Salient Instance Segmentation with Region and Box-level Annotations

19 Aug 2020  ·  Jialun Pei, He Tang, Tianyang Cheng, Chuanbo Chen ·

Salient instance segmentation is a new challenging task that received widespread attention in the saliency detection area. The new generation of saliency detection provides a strong theoretical and technical basis for video surveillance. Due to the limited scale of the existing dataset and the high mask annotations cost, plenty of supervision source is urgently needed to train a well-performing salient instance model.
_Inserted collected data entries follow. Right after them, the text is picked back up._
(* Let $\mathbf X=\{X_n\}_{n\ge1}$ and $\mathbf Y=\{Y_n\}_{n\ge1}$ be general sources. Suppose that $$\text{for every }\gamma\in\mathbb R:\qquad \lim_{n\to\infty}\mu\big(\{\delta\in[0,1): c_n^x(\delta)-c_n^y(\delta)<\gamma\}\big)=0$$ (equivalently, $\mu\text{-}\liminf_{n\to\infty}\{c_n^x(\delta)-c_n^y(\delta)\}=\infty$). Then $\mathbf X$ is an approximating source for $\mathbf Y$.
   Context: Logarithms are natural. A general source $\mathbf X=\{X_n\}_{n\ge1}$ is a sequence of random variables, $X_n$ taking values in a countable set $\mathcal X_n$, with no consistency requirements between different $n$. Similarly $Y_n$ takes values in a countable set $\mathcal Y_n$. For a random variable $Z$ on a countable set $\mathcal Z$ with pmf $P_Z$, list the elements of positive probability as $z_1,z_2,\dots$ (a finite or countably infinite list) with $P_Z(z_1)\ge P_Z(z_2)\ge\cdots$ (ties broken arbitrarily). Set $\delta_0=0$ and $\delta_k=\sum_{i\le k}P_Z(z_i)$. For $\delta\in[0,1)$ define $c^z(\delta)=\log\frac{1}{P_Z(z_k)}$, where $k$ is the unique index with $\delta\in[\delta_{k-1},\delta_k)$. Here $c_n^x$ and $c_n^y$ denote this function built from $P_{X_n}$ and from $P_{Y_n}$ respectively. The variational distance is $d(P,Q)=\sum_a|P(a)-Q(a)|$. $\mathbf X$ is an approximating source for $\mathbf Y$ if there exist deterministic maps $\phi_n:\mathcal X_n\to\mathcal Y_n$ with $\lim_{n\to\infty}d(P_{Y_n},P_{\phi_n(X_n)})=0$. $\mu$ denotes Lebesgue measure. *)

From Stdlib Require Import Reals.
From mathcomp Require Import ssreflect ssrfun ssrbool eqtype ssrnat choice.
Theorem lemma2p5 (R : realType) (H : lmodType R[i]) (ip : H -> H -> R[i])
  (n : nat)
  (Y A B : H -> H) (F G : 'I_n -> H -> H) (W : 'I_n -> 'I_n -> H -> H)
  (P0 Y1 : H -> H) :
  (* H is a Hilbert space; every bounded operator on H has an adjoint *)
  is_hilbert ip ->
  (forall T, bounded_op ip T -> exists Td, is_adjoint ip T Td) ->
  (* all the given operators are bounded *)
  bounded_op ip Y -> bounded_op ip A -> bounded_op ip B ->
  (forall i, bounded_op ip (F i)) -> (forall i, bounded_op ip (G i)) ->
  (forall i j, bounded_op ip (W i j)) -> bounded_op ip Y1 ->
  (* P0 is the orthogonal projection onto Ker Y *)
  orth_proj_onto ip P0 (kerop Y) ->
  let P1 := idfun - P0 in
  (* Assumptions 1 and 2: K^(k) = k^2 Y + k A + B, L^(k)_i = k F_i + G_i, S^(k) = W *)
  (forall k : R, 0 <= k ->
     let Kk := ((k ^+ 2)%:C)%C *: Y + (k%:C)%C *: A + B in
     let Lk := fun i => (k%:C)%C *: F i + G i in
     [/\ Kk + adj ip Kk = - \sum_(i < n) (adj ip (Lk i) \o Lk i),
         (forall i j, \sum_(l < n) (W i l \o adj ip (W j l))
                      = (i == j)%:R *: idfun) &
         (forall i j, \sum_(l < n) (adj ip (W l i) \o W l j)
                      = (i == j)%:R *: idfun)]) ->
  (* Assumption 3 *)
  (P1 \o Y1 = Y1 \o P1) ->
  (Y \o Y1 \o P1 \o A \o P0 = P1 \o A \o P0) ->
  (forall j, Y \o Y1 \o P1 \o (\sum_(i < n) (adj ip (F i) \o W i j)) \o P0
             = P1 \o (\sum_(i < n) (adj ip (F i) \o W i j)) \o P0) ->
  (forall X : H -> H,
     (X = A \/ X = B \/ (exists i, X = F i) \/ (exists i, X = G i) \/
      (exists i j, X = W i j) \/
      (exists j, X = \sum_(i < n) (adj ip (G i) \o W i j)) \/
      (exists i j, X = F i \o Y1 \o F j) \/
      (exists i, X = F i \o Y1 \o A) \/
      (exists i j, X = \sum_(l < n) (F i \o Y1 \o adj ip (F l) \o W l j)) \/
      X = A \o Y1 \o A \/
      (exists i, X = A \o Y1 \o F i) \/
      (exists j, X = \sum_(l < n) (A \o Y1 \o adj ip (F l) \o W l j))) ->
     P0 \o X \o P1 \o Y1 \o Y = P0 \o X \o P1) ->
  P0 \o Y \o P1 = 0 ->
  P0 \o A \o P0 = 0 ->
  (forall i, F i \o P0 = 0) ->
  (forall i j, P0 \o (\sum_(l < n) (((i == l)%:R *: idfun + (F i \o Y1 \o adj ip (F l)))
                                   \o W l j)) \o P1 = 0) ->
  (* definitions of K, L_i, S_ij *)
  let K := P0 \o (B - (A \o Y1 \o A)) \o P0 in
  let L := fun i => (G i - (F i \o Y1 \o A)) \o P0 in
  let S := fun i j => \sum_(l < n) (((i == l)%:R *: idfun + (F i \o Y1 \o adj ip (F l)))
                                   \o W l j) \o P0 in
  (* Assumption 4 *)
  (forall i, P1 \o L i = 0) ->
  (forall i j, P1 \o S i j = 0) ->
  (* conclusion *)
  [/\ K + adj ip K = - \sum_(i < n) (adj ip (L i) \o L i),
      (forall i j, \sum_(l < n) (S i l \o adj ip (S j l)) = (i == j)%:R *: P0) &
      (forall i j, \sum_(l < n) (adj ip (S l i) \o S l j) = (i == j)%:R *: P0)].
Proof.
move=> [ip_inner _] adj_bounded bY bA bB bF bG bW bY1 P0_proj P1 dissipative
  _ Y_Y1_A Y_Y1_FdW P0_X_P1 _ P0_A_P0 F_P0 P0_M_P1 K L S _ P1_S.
have adjY := adj_bounded _ bY; have adjA := adj_bounded _ bA.
have adjB := adj_bounded _ bB; have adjY1 := adj_bounded _ bY1.
have adjF i := adj_bounded _ (bF i); have adjG i := adj_bounded _ (bG i).
have adjW i j := adj_bounded _ (bW i j).
have dissipative_k k (k_ge0 : 0 <= k) := let: And3 Kk _ _ := dissipative k k_ge0 in Kk.
have [_ W_coisometry W_isometry] := dissipative 0 (lexx 0).
have P0_F_Y1_Y i : P0 \o F i \o P1 \o Y1 \o Y = P0 \o F i \o P1.
  by apply: P0_X_P1; do 2 right; left; exists i.
split.
- exact (redK_dissipative ip_inner adjY adjA adjB adjF adjG dissipative_k
    adjY1 P0_proj F_P0 P0_A_P0 Y_Y1_A).
- exact (redS_coisometry ip_inner adjY adjA adjB adjF adjG dissipative_k
    adjW adjY1 P0_proj W_coisometry F_P0 P0_F_Y1_Y P0_M_P1 P1_S).
- exact (redS_isometry ip_inner adjY adjA adjB adjF adjG dissipative_k
    adjW adjY1 P0_proj W_isometry F_P0 Y_Y1_FdW).
Qed.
In this paper, we aim to train a novel salient instance segmentation framework by an inexact supervision without resorting to laborious labeling. To this end, we present a cyclic global context salient instance segmentation network (CGCNet), which is supervised by the combination of salient regions and bounding boxes from the ready-made salient object detection datasets. To locate salient instance more accurately, a global feature refining layer is proposed that dilates the features of the region of interest (ROI) to the global context in a scene. Meanwhile, a labeling updating scheme is embedded in the proposed framework to update the coarse-grained labels for next iteration. Experiment results demonstrate that the proposed end-to-end framework trained by inexact supervised annotations can be competitive to the existing fully supervised salient instance segmentation methods. Without bells and whistles, our proposed method achieves a mask AP of 58.3% in the test set of Dataset1K that outperforms the mainstream state-of-the-art methods.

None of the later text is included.